[Items listed in a dataset]
·····

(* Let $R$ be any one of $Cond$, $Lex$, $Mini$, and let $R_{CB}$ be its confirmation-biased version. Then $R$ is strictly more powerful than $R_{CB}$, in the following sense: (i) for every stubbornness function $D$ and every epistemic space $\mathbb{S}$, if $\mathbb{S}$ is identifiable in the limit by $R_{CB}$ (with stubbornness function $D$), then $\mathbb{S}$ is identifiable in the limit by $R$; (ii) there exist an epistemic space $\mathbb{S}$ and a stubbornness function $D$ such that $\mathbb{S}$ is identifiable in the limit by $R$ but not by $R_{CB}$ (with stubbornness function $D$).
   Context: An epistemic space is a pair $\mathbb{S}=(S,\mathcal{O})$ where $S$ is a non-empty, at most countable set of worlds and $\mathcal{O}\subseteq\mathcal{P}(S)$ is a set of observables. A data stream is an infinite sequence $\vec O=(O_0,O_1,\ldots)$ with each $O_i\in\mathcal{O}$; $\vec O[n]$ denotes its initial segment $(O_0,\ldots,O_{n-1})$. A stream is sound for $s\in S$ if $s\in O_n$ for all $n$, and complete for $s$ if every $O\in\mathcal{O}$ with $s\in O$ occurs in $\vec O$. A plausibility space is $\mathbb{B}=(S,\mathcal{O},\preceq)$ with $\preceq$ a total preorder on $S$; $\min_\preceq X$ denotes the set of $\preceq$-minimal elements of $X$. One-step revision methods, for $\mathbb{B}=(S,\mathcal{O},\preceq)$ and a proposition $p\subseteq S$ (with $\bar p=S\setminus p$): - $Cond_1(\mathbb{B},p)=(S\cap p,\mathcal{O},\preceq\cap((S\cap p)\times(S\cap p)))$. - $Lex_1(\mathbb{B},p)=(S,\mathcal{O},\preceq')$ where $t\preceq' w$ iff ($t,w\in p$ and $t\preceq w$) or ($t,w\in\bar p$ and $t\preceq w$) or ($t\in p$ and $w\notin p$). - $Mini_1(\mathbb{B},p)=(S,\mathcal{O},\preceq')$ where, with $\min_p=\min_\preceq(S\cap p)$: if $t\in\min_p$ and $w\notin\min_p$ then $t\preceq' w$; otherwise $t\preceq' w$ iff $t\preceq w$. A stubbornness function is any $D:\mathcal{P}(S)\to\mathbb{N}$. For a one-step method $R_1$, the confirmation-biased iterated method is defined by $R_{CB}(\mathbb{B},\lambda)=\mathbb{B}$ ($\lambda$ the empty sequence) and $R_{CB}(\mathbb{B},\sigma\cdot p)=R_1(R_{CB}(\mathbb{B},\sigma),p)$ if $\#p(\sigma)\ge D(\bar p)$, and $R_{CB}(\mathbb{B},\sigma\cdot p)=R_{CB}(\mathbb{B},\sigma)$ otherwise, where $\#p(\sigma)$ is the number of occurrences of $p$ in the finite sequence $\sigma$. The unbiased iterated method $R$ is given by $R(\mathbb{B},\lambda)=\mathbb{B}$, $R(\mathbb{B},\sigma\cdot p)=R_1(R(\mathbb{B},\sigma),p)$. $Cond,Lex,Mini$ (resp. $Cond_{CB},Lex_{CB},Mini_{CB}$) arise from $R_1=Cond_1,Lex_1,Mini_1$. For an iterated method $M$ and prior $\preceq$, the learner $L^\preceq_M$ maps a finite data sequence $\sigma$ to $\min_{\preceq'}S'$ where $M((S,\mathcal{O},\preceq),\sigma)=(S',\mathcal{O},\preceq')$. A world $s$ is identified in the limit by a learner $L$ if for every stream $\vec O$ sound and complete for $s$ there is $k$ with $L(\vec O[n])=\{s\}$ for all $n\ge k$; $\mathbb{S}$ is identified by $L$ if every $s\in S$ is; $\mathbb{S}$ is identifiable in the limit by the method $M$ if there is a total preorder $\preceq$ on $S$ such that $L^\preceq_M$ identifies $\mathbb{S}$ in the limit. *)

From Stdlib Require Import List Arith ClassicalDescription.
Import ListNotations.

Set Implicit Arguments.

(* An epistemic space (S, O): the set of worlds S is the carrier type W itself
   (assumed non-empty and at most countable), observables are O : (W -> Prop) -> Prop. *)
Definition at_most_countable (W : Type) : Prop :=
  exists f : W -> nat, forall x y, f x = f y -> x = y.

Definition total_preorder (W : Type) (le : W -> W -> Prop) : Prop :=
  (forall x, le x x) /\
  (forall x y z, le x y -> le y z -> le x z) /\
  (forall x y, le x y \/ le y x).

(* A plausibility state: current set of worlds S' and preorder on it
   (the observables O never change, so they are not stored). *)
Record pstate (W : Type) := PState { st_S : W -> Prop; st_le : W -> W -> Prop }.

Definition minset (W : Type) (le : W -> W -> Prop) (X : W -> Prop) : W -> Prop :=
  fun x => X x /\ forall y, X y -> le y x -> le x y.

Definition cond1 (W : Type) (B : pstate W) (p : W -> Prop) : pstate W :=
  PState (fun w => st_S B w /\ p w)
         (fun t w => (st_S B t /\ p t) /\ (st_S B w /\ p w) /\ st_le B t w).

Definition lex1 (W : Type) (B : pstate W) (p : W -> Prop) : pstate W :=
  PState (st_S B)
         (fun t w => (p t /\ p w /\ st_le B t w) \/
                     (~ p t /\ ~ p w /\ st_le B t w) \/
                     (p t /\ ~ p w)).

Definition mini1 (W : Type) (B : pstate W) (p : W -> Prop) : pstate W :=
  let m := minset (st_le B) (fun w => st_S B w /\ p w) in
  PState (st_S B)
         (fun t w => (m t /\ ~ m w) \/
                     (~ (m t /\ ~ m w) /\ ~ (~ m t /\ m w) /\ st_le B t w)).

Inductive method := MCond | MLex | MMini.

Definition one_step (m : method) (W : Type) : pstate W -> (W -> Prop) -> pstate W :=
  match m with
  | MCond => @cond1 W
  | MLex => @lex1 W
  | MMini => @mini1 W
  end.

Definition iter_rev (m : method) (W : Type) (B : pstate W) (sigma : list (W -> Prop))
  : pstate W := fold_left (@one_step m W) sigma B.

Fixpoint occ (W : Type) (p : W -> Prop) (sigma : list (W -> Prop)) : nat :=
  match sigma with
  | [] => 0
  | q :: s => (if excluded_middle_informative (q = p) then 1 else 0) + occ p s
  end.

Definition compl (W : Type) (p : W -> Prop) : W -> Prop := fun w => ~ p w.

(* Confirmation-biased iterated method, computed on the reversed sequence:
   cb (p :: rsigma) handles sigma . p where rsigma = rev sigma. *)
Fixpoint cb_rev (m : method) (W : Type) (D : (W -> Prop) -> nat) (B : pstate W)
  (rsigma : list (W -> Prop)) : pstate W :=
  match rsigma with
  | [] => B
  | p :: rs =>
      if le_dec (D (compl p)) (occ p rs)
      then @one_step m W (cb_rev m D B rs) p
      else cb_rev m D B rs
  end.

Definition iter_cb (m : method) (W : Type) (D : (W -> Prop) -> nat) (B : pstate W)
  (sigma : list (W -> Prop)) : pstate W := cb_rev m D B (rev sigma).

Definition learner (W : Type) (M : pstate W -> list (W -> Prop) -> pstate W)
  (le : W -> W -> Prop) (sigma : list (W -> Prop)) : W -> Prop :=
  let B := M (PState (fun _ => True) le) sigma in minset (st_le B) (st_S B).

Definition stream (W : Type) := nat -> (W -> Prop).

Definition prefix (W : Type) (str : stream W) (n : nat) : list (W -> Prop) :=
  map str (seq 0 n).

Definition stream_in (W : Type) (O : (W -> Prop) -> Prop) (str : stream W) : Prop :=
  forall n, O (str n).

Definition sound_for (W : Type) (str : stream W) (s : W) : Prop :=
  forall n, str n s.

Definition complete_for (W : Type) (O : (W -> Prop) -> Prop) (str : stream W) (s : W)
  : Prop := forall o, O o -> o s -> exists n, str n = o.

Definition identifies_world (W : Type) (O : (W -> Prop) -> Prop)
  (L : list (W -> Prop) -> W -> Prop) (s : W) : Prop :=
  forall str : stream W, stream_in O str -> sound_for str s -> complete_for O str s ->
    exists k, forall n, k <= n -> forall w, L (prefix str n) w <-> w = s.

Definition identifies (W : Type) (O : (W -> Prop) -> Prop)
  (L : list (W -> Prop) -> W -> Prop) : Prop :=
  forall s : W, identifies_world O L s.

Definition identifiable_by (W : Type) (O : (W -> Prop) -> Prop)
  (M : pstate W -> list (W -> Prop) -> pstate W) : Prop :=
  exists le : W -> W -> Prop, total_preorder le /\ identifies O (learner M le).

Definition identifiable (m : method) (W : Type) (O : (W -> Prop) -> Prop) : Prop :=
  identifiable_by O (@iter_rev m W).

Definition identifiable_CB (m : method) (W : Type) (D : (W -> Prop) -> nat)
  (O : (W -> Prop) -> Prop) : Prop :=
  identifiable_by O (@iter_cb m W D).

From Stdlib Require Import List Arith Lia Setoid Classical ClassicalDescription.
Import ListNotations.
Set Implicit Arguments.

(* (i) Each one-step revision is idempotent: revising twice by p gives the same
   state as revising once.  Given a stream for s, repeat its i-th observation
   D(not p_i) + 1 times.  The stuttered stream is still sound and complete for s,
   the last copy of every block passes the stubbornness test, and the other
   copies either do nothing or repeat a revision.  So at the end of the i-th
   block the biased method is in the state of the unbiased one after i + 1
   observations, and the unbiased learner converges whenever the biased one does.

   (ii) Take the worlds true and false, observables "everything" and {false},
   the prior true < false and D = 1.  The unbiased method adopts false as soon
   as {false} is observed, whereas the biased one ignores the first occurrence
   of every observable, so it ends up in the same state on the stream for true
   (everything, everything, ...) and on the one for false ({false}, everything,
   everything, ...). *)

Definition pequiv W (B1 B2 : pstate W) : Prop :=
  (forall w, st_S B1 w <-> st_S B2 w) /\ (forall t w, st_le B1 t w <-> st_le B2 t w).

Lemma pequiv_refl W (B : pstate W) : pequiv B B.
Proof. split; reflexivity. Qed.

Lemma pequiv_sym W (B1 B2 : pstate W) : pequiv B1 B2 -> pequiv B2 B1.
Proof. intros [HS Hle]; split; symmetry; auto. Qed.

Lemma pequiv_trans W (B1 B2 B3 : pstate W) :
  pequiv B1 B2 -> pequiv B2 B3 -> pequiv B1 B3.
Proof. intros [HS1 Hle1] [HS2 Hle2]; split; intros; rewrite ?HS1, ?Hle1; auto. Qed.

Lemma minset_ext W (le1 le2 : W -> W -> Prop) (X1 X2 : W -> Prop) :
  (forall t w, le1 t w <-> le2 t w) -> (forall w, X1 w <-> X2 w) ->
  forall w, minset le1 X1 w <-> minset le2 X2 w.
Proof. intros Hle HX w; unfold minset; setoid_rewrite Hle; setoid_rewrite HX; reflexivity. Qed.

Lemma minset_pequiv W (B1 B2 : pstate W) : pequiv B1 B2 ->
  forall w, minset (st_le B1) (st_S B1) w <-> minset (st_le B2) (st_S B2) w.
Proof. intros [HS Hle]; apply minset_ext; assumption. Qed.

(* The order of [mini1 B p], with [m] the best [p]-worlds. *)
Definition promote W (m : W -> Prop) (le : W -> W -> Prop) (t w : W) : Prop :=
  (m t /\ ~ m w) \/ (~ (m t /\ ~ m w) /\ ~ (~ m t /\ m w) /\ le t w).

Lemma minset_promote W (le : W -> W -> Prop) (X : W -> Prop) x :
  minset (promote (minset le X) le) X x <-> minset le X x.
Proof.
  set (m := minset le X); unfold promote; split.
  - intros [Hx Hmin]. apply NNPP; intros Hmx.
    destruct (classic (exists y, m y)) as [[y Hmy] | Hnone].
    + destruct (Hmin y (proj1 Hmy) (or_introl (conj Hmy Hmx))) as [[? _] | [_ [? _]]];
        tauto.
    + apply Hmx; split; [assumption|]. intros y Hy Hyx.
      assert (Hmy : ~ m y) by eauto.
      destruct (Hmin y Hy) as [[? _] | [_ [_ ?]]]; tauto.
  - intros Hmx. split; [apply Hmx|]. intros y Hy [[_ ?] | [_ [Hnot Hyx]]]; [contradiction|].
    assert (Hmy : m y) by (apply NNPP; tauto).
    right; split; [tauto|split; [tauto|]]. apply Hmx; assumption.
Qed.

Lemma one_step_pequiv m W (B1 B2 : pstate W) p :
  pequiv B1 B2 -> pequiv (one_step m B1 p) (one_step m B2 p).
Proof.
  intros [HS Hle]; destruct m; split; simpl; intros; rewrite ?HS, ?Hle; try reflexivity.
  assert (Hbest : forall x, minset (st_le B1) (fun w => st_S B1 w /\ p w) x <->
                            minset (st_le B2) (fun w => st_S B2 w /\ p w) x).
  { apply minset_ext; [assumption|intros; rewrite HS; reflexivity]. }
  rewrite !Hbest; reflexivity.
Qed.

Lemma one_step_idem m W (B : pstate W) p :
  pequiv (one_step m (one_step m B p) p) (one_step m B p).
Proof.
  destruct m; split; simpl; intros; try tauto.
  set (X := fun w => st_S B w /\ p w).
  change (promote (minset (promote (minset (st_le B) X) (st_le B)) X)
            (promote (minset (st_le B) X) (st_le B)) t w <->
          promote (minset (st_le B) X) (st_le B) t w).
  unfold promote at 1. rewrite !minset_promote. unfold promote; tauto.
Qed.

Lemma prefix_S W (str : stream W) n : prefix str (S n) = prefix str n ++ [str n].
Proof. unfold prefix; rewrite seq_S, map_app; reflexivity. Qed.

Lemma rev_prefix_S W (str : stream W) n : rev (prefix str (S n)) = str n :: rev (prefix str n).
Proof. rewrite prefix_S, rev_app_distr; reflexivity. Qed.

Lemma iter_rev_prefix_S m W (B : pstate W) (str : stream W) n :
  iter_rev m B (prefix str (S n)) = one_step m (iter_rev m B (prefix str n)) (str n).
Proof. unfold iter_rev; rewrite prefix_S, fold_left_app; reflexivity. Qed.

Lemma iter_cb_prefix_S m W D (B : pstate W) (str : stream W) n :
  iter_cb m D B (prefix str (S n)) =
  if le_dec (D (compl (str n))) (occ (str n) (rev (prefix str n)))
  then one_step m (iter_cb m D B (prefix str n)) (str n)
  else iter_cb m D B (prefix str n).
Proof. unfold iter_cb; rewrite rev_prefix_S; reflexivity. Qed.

·····

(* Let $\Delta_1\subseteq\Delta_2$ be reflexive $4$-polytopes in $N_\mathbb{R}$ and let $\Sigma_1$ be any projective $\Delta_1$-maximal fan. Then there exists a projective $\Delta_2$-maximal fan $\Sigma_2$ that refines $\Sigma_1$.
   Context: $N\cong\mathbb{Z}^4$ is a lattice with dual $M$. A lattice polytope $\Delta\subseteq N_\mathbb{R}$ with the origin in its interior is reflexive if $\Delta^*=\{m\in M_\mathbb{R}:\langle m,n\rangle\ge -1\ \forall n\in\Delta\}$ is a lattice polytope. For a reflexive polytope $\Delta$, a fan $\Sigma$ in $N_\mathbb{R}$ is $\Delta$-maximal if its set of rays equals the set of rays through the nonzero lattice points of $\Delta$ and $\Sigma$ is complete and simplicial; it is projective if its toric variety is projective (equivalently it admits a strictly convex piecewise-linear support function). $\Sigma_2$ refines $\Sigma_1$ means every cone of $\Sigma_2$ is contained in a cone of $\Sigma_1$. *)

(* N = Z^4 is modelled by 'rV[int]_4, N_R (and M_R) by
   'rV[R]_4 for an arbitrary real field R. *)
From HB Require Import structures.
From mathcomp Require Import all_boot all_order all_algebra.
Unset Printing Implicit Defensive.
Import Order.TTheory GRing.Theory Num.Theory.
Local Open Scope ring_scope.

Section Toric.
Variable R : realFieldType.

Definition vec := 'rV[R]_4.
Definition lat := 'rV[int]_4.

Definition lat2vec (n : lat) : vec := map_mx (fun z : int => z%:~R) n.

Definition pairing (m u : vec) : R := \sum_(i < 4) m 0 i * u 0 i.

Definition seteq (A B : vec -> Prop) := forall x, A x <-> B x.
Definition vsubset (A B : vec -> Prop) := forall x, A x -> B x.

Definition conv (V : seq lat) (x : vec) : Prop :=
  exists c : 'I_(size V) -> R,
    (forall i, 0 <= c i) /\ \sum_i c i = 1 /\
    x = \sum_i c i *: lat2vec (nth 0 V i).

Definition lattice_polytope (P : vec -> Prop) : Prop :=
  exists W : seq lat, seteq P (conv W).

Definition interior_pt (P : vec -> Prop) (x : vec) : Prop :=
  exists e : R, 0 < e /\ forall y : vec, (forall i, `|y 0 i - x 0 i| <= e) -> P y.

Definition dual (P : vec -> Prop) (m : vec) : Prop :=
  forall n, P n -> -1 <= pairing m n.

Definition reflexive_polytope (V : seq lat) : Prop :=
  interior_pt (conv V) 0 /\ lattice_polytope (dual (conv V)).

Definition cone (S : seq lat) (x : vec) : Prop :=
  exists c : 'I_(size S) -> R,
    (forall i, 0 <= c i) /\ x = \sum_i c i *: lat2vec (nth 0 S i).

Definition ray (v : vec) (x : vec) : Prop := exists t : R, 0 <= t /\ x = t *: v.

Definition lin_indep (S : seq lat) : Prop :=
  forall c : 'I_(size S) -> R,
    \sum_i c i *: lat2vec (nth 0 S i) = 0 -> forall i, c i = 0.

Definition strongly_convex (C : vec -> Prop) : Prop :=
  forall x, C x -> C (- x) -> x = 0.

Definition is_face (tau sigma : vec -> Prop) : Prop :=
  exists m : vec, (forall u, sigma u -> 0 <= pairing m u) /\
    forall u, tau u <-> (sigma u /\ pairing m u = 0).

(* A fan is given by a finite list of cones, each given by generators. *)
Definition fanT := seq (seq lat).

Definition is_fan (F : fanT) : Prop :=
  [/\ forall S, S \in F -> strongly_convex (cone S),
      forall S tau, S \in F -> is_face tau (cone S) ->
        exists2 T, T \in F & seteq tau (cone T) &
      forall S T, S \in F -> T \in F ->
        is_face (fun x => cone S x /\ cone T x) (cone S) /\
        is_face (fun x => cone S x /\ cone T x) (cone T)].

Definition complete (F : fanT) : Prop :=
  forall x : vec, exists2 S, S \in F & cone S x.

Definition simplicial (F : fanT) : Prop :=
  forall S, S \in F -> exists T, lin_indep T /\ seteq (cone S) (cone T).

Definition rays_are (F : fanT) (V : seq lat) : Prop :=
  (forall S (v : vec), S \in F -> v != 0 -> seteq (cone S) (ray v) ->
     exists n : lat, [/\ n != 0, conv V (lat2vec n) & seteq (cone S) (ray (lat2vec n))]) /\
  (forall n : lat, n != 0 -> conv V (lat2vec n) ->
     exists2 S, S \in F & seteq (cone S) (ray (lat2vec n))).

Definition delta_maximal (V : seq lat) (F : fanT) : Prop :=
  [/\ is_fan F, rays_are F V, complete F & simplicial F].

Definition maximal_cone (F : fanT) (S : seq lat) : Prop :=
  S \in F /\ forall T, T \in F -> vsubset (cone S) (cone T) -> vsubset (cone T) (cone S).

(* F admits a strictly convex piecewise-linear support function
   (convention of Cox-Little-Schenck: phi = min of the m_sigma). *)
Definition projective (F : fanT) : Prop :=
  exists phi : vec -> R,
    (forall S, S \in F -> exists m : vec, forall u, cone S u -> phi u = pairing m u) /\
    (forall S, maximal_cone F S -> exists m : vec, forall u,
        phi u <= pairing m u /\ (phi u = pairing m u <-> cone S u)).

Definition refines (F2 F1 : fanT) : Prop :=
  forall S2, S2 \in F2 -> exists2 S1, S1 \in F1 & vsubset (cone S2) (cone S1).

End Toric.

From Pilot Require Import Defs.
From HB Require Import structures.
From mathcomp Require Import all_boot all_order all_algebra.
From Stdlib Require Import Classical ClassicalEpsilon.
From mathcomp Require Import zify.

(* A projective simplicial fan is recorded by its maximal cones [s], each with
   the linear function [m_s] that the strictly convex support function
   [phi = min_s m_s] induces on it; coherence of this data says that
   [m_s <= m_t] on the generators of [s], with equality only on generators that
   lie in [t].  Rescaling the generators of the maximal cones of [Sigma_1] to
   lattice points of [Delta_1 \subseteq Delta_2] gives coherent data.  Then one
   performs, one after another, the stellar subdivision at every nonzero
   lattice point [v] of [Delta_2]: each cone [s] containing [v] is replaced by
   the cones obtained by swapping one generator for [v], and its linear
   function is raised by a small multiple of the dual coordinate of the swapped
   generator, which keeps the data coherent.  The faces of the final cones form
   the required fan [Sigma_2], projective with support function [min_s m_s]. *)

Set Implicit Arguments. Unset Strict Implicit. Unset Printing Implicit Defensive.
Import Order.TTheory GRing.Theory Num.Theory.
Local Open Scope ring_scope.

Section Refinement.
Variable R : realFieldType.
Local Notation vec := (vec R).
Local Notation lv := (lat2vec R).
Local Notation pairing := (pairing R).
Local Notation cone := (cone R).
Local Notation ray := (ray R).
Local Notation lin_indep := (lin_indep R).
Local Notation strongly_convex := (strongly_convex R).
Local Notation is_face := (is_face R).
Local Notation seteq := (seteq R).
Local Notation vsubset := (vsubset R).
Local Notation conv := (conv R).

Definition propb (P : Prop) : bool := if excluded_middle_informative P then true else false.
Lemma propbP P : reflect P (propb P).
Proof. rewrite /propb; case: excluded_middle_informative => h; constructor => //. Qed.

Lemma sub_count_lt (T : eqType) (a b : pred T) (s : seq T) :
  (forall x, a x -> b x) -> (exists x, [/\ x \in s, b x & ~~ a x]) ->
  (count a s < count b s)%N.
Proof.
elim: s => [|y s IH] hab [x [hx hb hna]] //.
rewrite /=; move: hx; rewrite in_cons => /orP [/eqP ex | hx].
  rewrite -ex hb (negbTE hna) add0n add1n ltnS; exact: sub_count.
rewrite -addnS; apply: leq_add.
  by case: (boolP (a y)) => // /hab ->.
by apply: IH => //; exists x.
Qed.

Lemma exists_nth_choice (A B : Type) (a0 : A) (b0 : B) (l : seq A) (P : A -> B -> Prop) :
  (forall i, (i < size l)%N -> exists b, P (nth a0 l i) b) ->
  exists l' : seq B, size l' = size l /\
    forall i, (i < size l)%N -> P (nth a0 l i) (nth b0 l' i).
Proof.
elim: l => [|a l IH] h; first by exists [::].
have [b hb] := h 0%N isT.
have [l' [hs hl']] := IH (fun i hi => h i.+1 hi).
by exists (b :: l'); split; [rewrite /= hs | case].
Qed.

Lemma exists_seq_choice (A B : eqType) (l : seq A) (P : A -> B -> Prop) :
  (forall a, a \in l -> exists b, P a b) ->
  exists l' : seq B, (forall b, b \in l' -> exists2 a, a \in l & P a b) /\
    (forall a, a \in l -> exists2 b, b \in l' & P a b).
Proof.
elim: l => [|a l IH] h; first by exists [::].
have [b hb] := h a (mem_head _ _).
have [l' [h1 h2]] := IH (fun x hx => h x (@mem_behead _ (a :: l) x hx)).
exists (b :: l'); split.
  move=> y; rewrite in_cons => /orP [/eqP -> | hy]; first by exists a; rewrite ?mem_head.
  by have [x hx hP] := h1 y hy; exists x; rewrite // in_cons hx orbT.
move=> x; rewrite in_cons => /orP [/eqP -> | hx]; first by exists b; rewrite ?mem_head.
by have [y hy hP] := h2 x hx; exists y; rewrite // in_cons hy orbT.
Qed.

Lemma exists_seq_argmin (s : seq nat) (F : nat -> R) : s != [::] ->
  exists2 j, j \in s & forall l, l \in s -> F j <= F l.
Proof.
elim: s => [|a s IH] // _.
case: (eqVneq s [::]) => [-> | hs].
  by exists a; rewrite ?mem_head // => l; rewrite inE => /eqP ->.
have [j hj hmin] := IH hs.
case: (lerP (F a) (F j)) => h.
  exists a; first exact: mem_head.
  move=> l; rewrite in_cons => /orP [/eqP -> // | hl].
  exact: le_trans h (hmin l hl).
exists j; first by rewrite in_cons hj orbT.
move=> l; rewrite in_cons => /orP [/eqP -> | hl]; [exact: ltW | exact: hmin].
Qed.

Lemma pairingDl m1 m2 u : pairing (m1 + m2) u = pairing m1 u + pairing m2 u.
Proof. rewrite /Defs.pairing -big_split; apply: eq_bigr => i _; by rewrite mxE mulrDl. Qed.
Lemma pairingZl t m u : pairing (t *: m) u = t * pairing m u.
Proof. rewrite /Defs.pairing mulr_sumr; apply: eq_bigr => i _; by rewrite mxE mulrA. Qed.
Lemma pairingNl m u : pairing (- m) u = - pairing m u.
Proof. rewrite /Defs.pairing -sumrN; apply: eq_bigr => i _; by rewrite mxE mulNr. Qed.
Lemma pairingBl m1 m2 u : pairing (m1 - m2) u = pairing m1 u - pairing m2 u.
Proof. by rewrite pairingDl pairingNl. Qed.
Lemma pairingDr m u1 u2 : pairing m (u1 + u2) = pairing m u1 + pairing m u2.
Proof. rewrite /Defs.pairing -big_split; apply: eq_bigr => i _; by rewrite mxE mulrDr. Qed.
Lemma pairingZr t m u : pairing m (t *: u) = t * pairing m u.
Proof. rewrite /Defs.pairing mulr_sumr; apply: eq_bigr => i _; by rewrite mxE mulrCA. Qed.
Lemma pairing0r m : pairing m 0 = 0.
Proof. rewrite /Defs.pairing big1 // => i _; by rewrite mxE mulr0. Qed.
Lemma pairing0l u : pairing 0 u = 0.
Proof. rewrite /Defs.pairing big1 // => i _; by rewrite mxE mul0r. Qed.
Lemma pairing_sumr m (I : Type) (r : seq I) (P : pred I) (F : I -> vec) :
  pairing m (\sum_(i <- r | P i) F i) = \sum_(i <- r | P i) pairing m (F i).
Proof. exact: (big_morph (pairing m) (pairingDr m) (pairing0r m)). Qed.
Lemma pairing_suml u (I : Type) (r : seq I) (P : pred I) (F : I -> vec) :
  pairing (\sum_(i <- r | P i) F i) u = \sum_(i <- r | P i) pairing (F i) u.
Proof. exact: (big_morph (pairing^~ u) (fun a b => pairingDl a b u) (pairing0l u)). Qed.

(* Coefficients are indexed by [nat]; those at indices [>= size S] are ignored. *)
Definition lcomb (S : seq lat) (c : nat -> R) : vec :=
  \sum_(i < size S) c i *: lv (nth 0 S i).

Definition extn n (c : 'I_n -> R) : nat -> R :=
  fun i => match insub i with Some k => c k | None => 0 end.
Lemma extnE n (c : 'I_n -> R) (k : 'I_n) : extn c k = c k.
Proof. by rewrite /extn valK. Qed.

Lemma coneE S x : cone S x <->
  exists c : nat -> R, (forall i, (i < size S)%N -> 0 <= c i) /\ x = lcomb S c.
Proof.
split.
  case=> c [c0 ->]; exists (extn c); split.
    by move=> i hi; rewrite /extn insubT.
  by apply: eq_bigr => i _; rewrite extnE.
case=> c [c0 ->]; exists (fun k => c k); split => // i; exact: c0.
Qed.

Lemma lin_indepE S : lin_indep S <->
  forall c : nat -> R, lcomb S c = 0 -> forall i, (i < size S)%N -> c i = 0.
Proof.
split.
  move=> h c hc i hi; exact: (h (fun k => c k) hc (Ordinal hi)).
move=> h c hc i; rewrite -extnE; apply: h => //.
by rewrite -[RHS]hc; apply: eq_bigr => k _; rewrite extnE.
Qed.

·····

WHAT IS BEING ASKED: Copy out the range of lines above starting at the line with "minset (st_le B2) (fun" and ending at the line with "Proof. unfold iter_cb;", exactly and including both.

OUTPUT:
                            minset (st_le B2) (fun w => st_S B2 w /\ p w) x).
  { apply minset_ext; [assumption|intros; rewrite HS; reflexivity]. }
  rewrite !Hbest; reflexivity.
Qed.

Lemma one_step_idem m W (B : pstate W) p :
  pequiv (one_step m (one_step m B p) p) (one_step m B p).
Proof.
  destruct m; split; simpl; intros; try tauto.
  set (X := fun w => st_S B w /\ p w).
  change (promote (minset (promote (minset (st_le B) X) (st_le B)) X)
            (promote (minset (st_le B) X) (st_le B)) t w <->
          promote (minset (st_le B) X) (st_le B) t w).
  unfold promote at 1. rewrite !minset_promote. unfold promote; tauto.
Qed.

Lemma prefix_S W (str : stream W) n : prefix str (S n) = prefix str n ++ [str n].
Proof. unfold prefix; rewrite seq_S, map_app; reflexivity. Qed.

Lemma rev_prefix_S W (str : stream W) n : rev (prefix str (S n)) = str n :: rev (prefix str n).
Proof. rewrite prefix_S, rev_app_distr; reflexivity. Qed.

Lemma iter_rev_prefix_S m W (B : pstate W) (str : stream W) n :
  iter_rev m B (prefix str (S n)) = one_step m (iter_rev m B (prefix str n)) (str n).
Proof. unfold iter_rev; rewrite prefix_S, fold_left_app; reflexivity. Qed.

Lemma iter_cb_prefix_S m W D (B : pstate W) (str : stream W) n :
  iter_cb m D B (prefix str (S n)) =
  if le_dec (D (compl (str n))) (occ (str n) (rev (prefix str n)))
  then one_step m (iter_cb m D B (prefix str n)) (str n)
  else iter_cb m D B (prefix str n).
Proof. unfold iter_cb; rewrite rev_prefix_S; reflexivity. Qed.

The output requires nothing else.